On 3/22/04 7:34 PM, "C. G. Estabrook" <galliher at alexia.lis.uiuc.edu> wrote:


> C'mon, Doug. You would of course apply a much more sympathetic hermeneutic
> to 2500-year-old texts in practically any other cultural tradition. What
> I (and I think you) do oppose is the Gnostic reading given to the Hebrew
> bible by 20th-century Fundamentalism and its associated right-wing
> politics (a position which after all doesn't pre-date the First World
> War). The error on all sides is to suppose that that's the only one.
>
> To read these texts with the historical sensitivity that you would apply
> to anything else like them is to realize that all the modern Abrahamic
> religions are developments of the religion of ancient Israel (and its own
> development can be observed in the Hebrew bible). Christianity is the
> eldest of these -- modern (Rabbinic/Talmudic) Judaism postdates the
> formation of Christianity -- but they all represent (rival)

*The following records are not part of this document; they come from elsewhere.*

(* Let $X$ be a separable Banach space over $\mathbb{K}\in\{\mathbb{R},\mathbb{C}\}$ and $T\colon X\to X$ a bounded linear operator. If there exists a uniformly Li-Yorke scrambled subset of $X$ which is locally residual, then the whole space $X$ is uniformly Li-Yorke scrambled for $T$.
   Context: A subset $S\subset X$ with at least two points is uniformly Li-Yorke scrambled for $T$ if there exist sequences $\{p_n\}$, $\{q_n\}$ in $\mathbb{N}$ such that for all distinct $x,y\in S$: $\lim_n\|T^{p_n}x-T^{p_n}y\|=0$ and $\lim_n\|T^{q_n}x-T^{q_n}y\|=\infty$. A subset $A\subset X$ is locally residual if there is a nonempty open $U\subset X$ such that $A\cap U$ is residual in $U$ (contains a dense $G_\delta$ subset of $U$). *)

From HB Require Import structures.
From mathcomp Require Import all_boot all_order all_algebra.
From mathcomp Require Import all_classical all_reals all_analysis.
From mathcomp Require Import complex.
Set Implicit Arguments. Unset Strict Implicit. Unset Printing Implicit Defensive.
Import Order.TTheory GRing.Theory Num.Theory.
Import numFieldNormedType.Exports.
Local Open Scope classical_set_scope.
Local Open Scope ring_scope.

Definition separable_space (X : topologicalType) : Prop :=
  exists D : set X, countable D /\ closure D = setT.

Definition Gdelta_set (X : topologicalType) (G : set X) : Prop :=
  exists F : nat -> set X, (forall n, open (F n)) /\ G = \bigcap_n F n.

Definition locally_residual (X : topologicalType) (A : set X) : Prop :=
  exists U : set X, open U /\ U !=set0 /\
    exists G : set X, G `<=` A `&` U /\ Gdelta_set G /\ U `<=` closure G.

Definition uniformly_LiYorke_scrambled (K : numFieldType) (X : normedModType K)
    (T : X -> X) (S : set X) : Prop :=
  (exists x y, S x /\ S y /\ x <> y) /\
  exists p q : nat -> nat, forall x y, S x -> S y -> x <> y ->
    ((fun n => `|iter (p n) T x - iter (p n) T y|) @ \oo --> (0 : K)) /\
    ((fun n => `|iter (q n) T x - iter (q n) T y|) @ \oo --> +oo).

From HB Require Import structures.
From mathcomp Require Import all_boot all_order all_algebra.
From mathcomp Require Import all_classical all_reals all_analysis.
From mathcomp Require Import complex.
Import Order.TTheory GRing.Theory Num.Theory.
Import numFieldNormedType.Exports.
Local Open Scope classical_set_scope.
Local Open Scope ring_scope.

(* Given z <> 0, the locally residual set S contains a dense G_delta set G of
   some ball V. For w a small multiple of z, both G and G + w are residual in a
   smaller ball, so by Baire's theorem they meet: this gives a, a - w in S, and
   z is a multiple of their difference. By linearity, whenever u - v = c (a - b),
   the orbit distances of u, v are |c| times those of a, b, so the sequences
   witnessing that S is uniformly scrambled work for every pair of X. *)

Section nested_balls.
Context {K : numFieldType} {T : completePseudoMetricType K}.
Variables (a : nat -> T) (r : nat -> K).
Hypothesis r_gt0 : forall n, 0 < r n.
Hypothesis r_small : forall e : K, 0 < e -> exists n, r n < e.
Hypothesis ball_nested_step :
  forall n, ball (a n.+1) (r n.+1 + r n.+1) `<=` ball (a n) (r n).

Lemma ball_nested n m : (n <= m)%N -> ball (a m) (r m) `<=` ball (a n) (r n).
Proof.
elim: m => [|m IHm]; first by rewrite leqn0 => /eqP ->.
rewrite leq_eqVlt => /orP[/eqP -> //|/IHm]; apply: subset_trans.
by move=> y y_in; apply/ball_nested_step/(le_ball _ y_in); rewrite lerDl ltW.
Qed.

Lemma nested_balls_common_point : exists l, forall n, ball (a n) (r n + r n) l.
Proof.
have a_in_ball n m : (n <= m)%N -> ball (a n) (r n) (a m).
  by move=> nm; apply: (ball_nested _ _ nm); exact: ballxx.
have /cvg_ex[l a_to_l] : cvg (a @ \oo).
  apply: cauchy_cvg; apply: cauchy_exP => e e_gt0.
  have [n rn_lt_e] := r_small _ e_gt0.
  exists (a n); exists n => // m /= nm.
  exact: (le_ball (ltW rn_lt_e) (a_in_ball _ _ nm)).
exists l => n; have [M _ aM_near_l] := cvg_ball a_to_l (r_gt0 n).
apply: ball_triangle (a_in_ball _ _ (leq_maxr M n)) _.
exact/ball_sym/aM_near_l/leq_maxl.
Qed.

End nested_balls.

Definition archimedean_field (K : numFieldType) : Prop :=
  forall e : K, 0 < e -> exists n : nat, n.+1%:R^-1 < e.

Section Baire_archimedean.
Context {K : numFieldType} {X : completeNormedModType K}.

Lemma open_ball_subset {O : set X} {x : X} :
  open O -> O x -> exists2 e : K, 0 < e & ball x e `<=` O.
Proof. by move=> oO Ox; apply/nbhs_ballP/open_nbhs_nbhs. Qed.

Lemma dense_open_ball_subset {F : set X} (a : X) {r eps : K} :
  open F -> dense F -> 0 < r -> 0 < eps ->
  exists b s, [/\ 0 < s, s <= eps & ball b (s + s) `<=` ball a r `&` F].
Proof.
move=> oF dF r_gt0 eps_gt0.
have [b rFb] : (ball a r `&` F) !=set0.
  by apply: dF; [exists a; exact: ballxx | exact: ball_open].
have [e e_gt0 be_sub] := open_ball_subset (openI (ball_open a r) oF) rFb.
have e2_gt0 : 0 < e / 2 by rewrite divr_gt0.
have [e2_le_eps|eps_lt_e2] := real_leP (gtr0_real e2_gt0) (gtr0_real eps_gt0).
  by exists b, (e / 2); rewrite -splitr.
exists b, eps; split => //; apply: subset_trans be_sub; apply: le_ball.
by rewrite [leRHS]splitr lerD // ltW.
Qed.

Hypothesis K_archimedean : archimedean_field K.

(* mathcomp's [Baire] is stated over a realType, which excludes complex scalars. *)
Theorem Baire_archimedean (F : (set X)^nat) :
  (forall i, open (F i) /\ dense (F i)) -> dense (\bigcap_i F i).
Proof.
move=> odF D [x Dx] oD.
have [r0 r0_gt0 r0_sub] := open_ball_subset oD Dx.
have step (nar : nat * (X * K)) : exists bs : X * K, 0 < nar.2.2 ->
    [/\ 0 < bs.2, bs.2 <= nar.1.+1%:R^-1 &
        ball bs.1 (bs.2 + bs.2) `<=` ball nar.2.1 nar.2.2 `&` F nar.1].
  case: nar => n [a r] /=; have [r_gt0|r_ngt0] := boolP (0 < r); last first.
    by exists (a, r) => /negP.
  have [oFn dFn] := odF n.
  have n1_gt0 : 0 < n.+1%:R^-1 :> K by rewrite invr_gt0 ltr0Sn.
  have [b [s sP]] := dense_open_ball_subset a oFn dFn r_gt0 n1_gt0.
  by exists (b, s).
have [f f_step] := choice step.
pose fix balls n := if n is m.+1 then f (m, balls m) else (x, r0).
have r_gt0 n : 0 < (balls n).2.
  by elim: n => [//|n IHn]; have [] := f_step (n, balls n) IHn.
have shrink n := f_step (n, balls n) (r_gt0 n).
have r_small (e : K) : 0 < e -> exists n, (balls n).2 < e.
  move=> /K_archimedean[n n_lt_e]; exists n.+1.
  by have [_ + _] := shrink n; move/le_lt_trans; apply.
have [|l l_in] := nested_balls_common_point (fun n => (balls n).1)
  (fun n => (balls n).2) r_gt0 r_small.
  by move=> n; have [_ _ /subset_trans] := shrink n; apply => y [].
exists l; split.
  by apply/r0_sub; have [_ _] := shrink 0; move/(_ l (l_in 1%N)) => [].
by move=> n _; have [_ _] := shrink n; move/(_ l (l_in n.+1)) => [].
Qed.

End Baire_archimedean.

Lemma subset_closure_openI {T : topologicalType} {A U O : set T} :
  U `<=` closure A -> open O -> O `&` U !=set0 -> O `&` A !=set0.
Proof.
move=> UA oO [y [Oy Uy]].
by have [a [Aa Oa]] := UA y Uy O (open_nbhs_nbhs (conj oO Oy)); exists a.
Qed.

Lemma open_addr_preimage {K : numFieldType} {V : normedModType K}
    {A : set V} {w : V} :
  open A -> open [set u | A (u + w)].
Proof.
by apply: open_comp => u _; apply: continuousD; [exact: cvg_id | exact: cvg_cst].
Qed.

Section locally_residual_differences.
Context {K : numFieldType} {X : completeNormedModType K}.
Hypothesis K_archimedean : archimedean_field K.

Lemma Baire_in (V : set X) (F : (set X)^nat) :
  open V -> V !=set0 -> (forall n, open (F n) /\ V `<=` closure (F n)) ->
  V `&` \bigcap_n F n !=set0.
Proof.
move=> oV V0 oF.
(* Adding the exterior of V makes each W n dense in the whole space. *)
pose W n := F n `|` ~` closure V.
have oW n : open (W n).
  exact: openU (proj1 (oF n)) (closed_openC (@closed_closure _ V)).
have dW n : dense (W n).
  move=> O [y Oy] oO; have [Vy|nVy] := pselect (closure V y); last first.
    by exists y; split => //; right.
  have [a [Oa Fa]] : O `&` F n !=set0.
    apply: (subset_closure_openI (proj2 (oF n)) oO); rewrite setIC.
    exact: Vy (open_nbhs_nbhs (conj oO Oy)).
  by exists a; split => //; left.
have [a [Va Wa]] :=
  Baire_archimedean K_archimedean W (fun n => conj (oW n) (dW n)) V V0 oV.
exists a; split => // n _.
by case: (Wa n I) => // /(_ (subset_closure Va)).
Qed.

Lemma subset_closure_shiftI (A U V : set X) (w : X) :
  open A -> open V -> U `<=` closure A -> V `<=` U ->
  (forall y, V y -> U (y - w)) -> V `<=` closure (A `&` [set u | A (u - w)]).
Proof.
move=> oA oV UA VU VwU y Vy B; rewrite nbhsE; case=> O [oO Oy] OB.
have oOV : open (O `&` V) by exact: openI.
have [g [[Og Vg] Ag]] : O `&` V `&` A !=set0.
  by apply: subset_closure_openI (subset_trans VU UA) oOV _; exists y.
have [h [[[Ohw Vhw] Ahw] Ah]] : [set u | (O `&` V `&` A) (u + w)] `&` A !=set0.
  apply: subset_closure_openI UA (open_addr_preimage (openI oOV oA)) _.
  by exists (g - w); rewrite /= subrK; split => //; apply: VwU.
by exists (h + w); split; [split; rewrite /= ?addrK | exact: OB].
Qed.

Lemma locally_residual_scaled_difference (S : set X) (z : X) :
  locally_residual S -> z != 0 ->
  exists c a b, [/\ S a, S b, a <> b & z = c *: (a - b)].
Proof.
move=> [U [oU [[x0 Ux0] [G [GSU [[F [oF G_eq]] UG]]]]]] z_neq0; subst G.
have [r r_gt0 rU] := open_ball_subset oU Ux0.
have z_gt0 : 0 < `|z| by rewrite normr_gt0.
pose e := r / 2; have e_gt0 : 0 < e by rewrite divr_gt0.
pose t := e / 2 / `|z|; have t_gt0 : 0 < t by rewrite !divr_gt0.
pose w := t *: z.
have w_lt_e : `|w| < e.
  by rewrite normrZ gtr0_norm // divfK ?gt_eqF // ltr_pdivrMr // ltr_pMr // ltr1n.
pose V := ball x0 e.
have VU : V `<=` U.
  by apply: subset_trans rU; apply: le_ball; rewrite [leRHS]splitr lerDl ltW.
have VwU y : V y -> U (y - w).
  move=> Vy; apply: rU; rewrite [r]splitr; apply: ball_triangle Vy _.
  by rewrite -ball_normE /ball_ /= opprB addrC subrK.
have GF n : (\bigcap_n F n) `<=` F n by move=> u /(_ n I).
have [a [Va /= Fa]] : V `&` \bigcap_n (F n `&` [set u | F n (u - w)]) !=set0.
  apply: Baire_in; [exact: ball_open | by exists x0; exact: ballxx |] => n.
  split; first exact/openI/open_addr_preimage/oF.
  apply: subset_closure_shiftI (oF n) (ball_open _ _) _ VU VwU.
  exact: subset_trans UG (closureS (GF n)).
have Ga : (\bigcap_n F n) a by move=> n _; have [] := Fa n I.
have Gaw : (\bigcap_n F n) (a - w) by move=> n _; have [] := Fa n I.
exists t^-1, a, (a - w); split; [exact: (GSU _ Ga).1 | exact: (GSU _ Gaw).1 | |].
- move=> /eqP; rewrite eq_sym subr_eq addrC -subr_eq subrr eq_sym scaler_eq0.
  by rewrite (negbTE z_neq0) gt_eqF.
- by rewrite opprB addrC subrK scalerA mulVf ?gt_eqF // scale1r.
Qed.

End locally_residual_differences.

Lemma cvgry_pMl {K : numFieldType} {I : Type} {F : set_system I} {FF : Filter F}
    (c : K) (f : I -> K) :
  0 < c -> f x @[x --> F] --> +oo -> c * f x @[x --> F] --> +oo.
Proof.
move=> c_gt0 /cvgryPger f_oo; apply/cvgryPger => A A_real.
have Ac_real : A / c \is Num.real by rewrite realM // realV gtr0_real.
by apply: filterS (f_oo _ Ac_real) => x; rewrite ler_pdivrMr // mulrC.
Qed.

Section scrambled_transfer.
Context {K : numFieldType} {X : normedModType K}.
Variable T : {linear X -> X}.

Lemma iter_linearB n x y : iter n T (x - y) = iter n T x - iter n T y.
Proof. by elim: n => //= n ->; rewrite linearB. Qed.

Lemma iter_linearZ n (c : K) x : iter n T (c *: x) = c *: iter n T x.
Proof. by elim: n => //= n ->; rewrite linearZ. Qed.

Lemma uniformly_LiYorke_scrambled_setT (S : set X) :
  uniformly_LiYorke_scrambled T S ->
  (forall z, z != 0 -> exists c a b, [/\ S a, S b, a <> b & z = c *: (a - b)]) ->
  uniformly_LiYorke_scrambled T setT.
Proof.
move=> [[x [y [Sx [Sy xy]]]] [p [q pq_S]]] S_spans.
split; first by exists x, y.
exists p, q => u v _ _ uv.
have [|c [a [b [Sa Sb ab uv_eq]]]] := S_spans (u - v).
  by rewrite subr_eq0; apply/eqP.
have c_gt0 : 0 < `|c|.
  rewrite normr_gt0; apply/eqP => c0.
  by apply/uv/eqP; rewrite -subr_eq0 uv_eq c0 scale0r.
have orbit_dist n : `|iter n T u - iter n T v| = `|c| * `|iter n T a - iter n T b|.
  by rewrite -iter_linearB uv_eq iter_linearZ normrZ iter_linearB.
have [pab qab] := pq_S a b Sa Sb ab.
split; under eq_fun do rewrite orbit_dist.
- by rewrite -(mulr0 `|c|); apply: cvgMl_tmp.
- exact: cvgry_pMl.
Qed.

End scrambled_transfer.

Lemma realType_archimedean (R : realType) : archimedean_field R.
Proof.
move=> e e_gt0; exists (Num.truncn e^-1).
by rewrite -ltf_pV2 ?posrE ?invr_gt0 // invrK truncnS_gt.
Qed.

Local Open Scope complex_scope.
Lemma complex_archimedean (R : realType) : archimedean_field R[i].
Proof.
move=> e; rewrite ltcE /= => /andP[/eqP Im_e0 Re_e_gt0].
have [n n_lt] := @realType_archimedean R _ Re_e_gt0; exists n.
have -> : e = (complex.Re e)%:C by rewrite [LHS]complexE Im_e0 mulr0 addr0.
have -> : n.+1%:R^-1 = (n.+1%:R^-1)%:C :> R[i] by rewrite fmorphV rmorph_nat.
by rewrite ltcR.
Qed.
Local Close Scope complex_scope.

Lemma locally_residual_scrambled_setT {K : numFieldType}
    {X : completeNormedModType K} (T : {linear X -> X}) (S : set X) :
  archimedean_field K -> uniformly_LiYorke_scrambled T S -> locally_residual S ->
  uniformly_LiYorke_scrambled T setT.
Proof.
move=> K_archimedean S_scrambled S_residual.
apply: uniformly_LiYorke_scrambled_setT S_scrambled _ => z.
exact: locally_residual_scaled_difference.
Qed.

Theorem proposition3p12 (R : realType) :
  (forall (X : completeNormedModType R) (T : {linear X -> X}),
     separable_space X -> continuous T ->
     (exists S : set X, uniformly_LiYorke_scrambled T S /\ locally_residual S) ->
     uniformly_LiYorke_scrambled T setT) /\
  (forall (X : completeNormedModType R[i]) (T : {linear X -> X}),
     separable_space X -> continuous T ->
     (exists S : set X, uniformly_LiYorke_scrambled T S /\ locally_residual S) ->
     uniformly_LiYorke_scrambled T setT).
Proof.
split=> X T _ _ [S [S_scrambled S_residual]].
- exact: locally_residual_scrambled_setT (realType_archimedean R)
    S_scrambled S_residual.
- exact: locally_residual_scrambled_setT (complex_archimedean R)
    S_scrambled S_residual.
Qed.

> interpretations of the Hebrew bible. That's the real argument among them:
> how is the HB to be understood?
>
> One of the earliest Christian solutions (that of Marcion, 2nd.-cent. son
> of a bishop) would have cut the knot as you suggest: "the brutal,
> vengeful, judgmental stuff ... at odds with JC's turn the other cheek
> wussiness." But that was rejected by the Christian movement that read the
> HB as an on-going discovery of deity quite at odds with natural human
> account of the gods. That discovery is embedded in a remarkable welter of
> literature (but as someone recently remarked here, "What's wrong with a
> little cheap sensuality?")
>
> As a late friend discussed an aspect of this, only a little ironically:
> "The Hebrews were probably the only people in the world who even in their
> official propaganda about their own revolution took an entirely honest and
> realistic view of the events. Exodus describes in some detail the immense
> reluctance of the people to be liberated; they had to be practically
> dragged out of Egypt by the hand of Yahweh. We may well imagine how the
> Egyptians complained of the terrorist methods of Moses and he fellow
> agitators to intimidate a people who really only wanted to be left alone
> to serve their masters."
>
> This site you recommend is as obsessive in its way as any fundamentalist.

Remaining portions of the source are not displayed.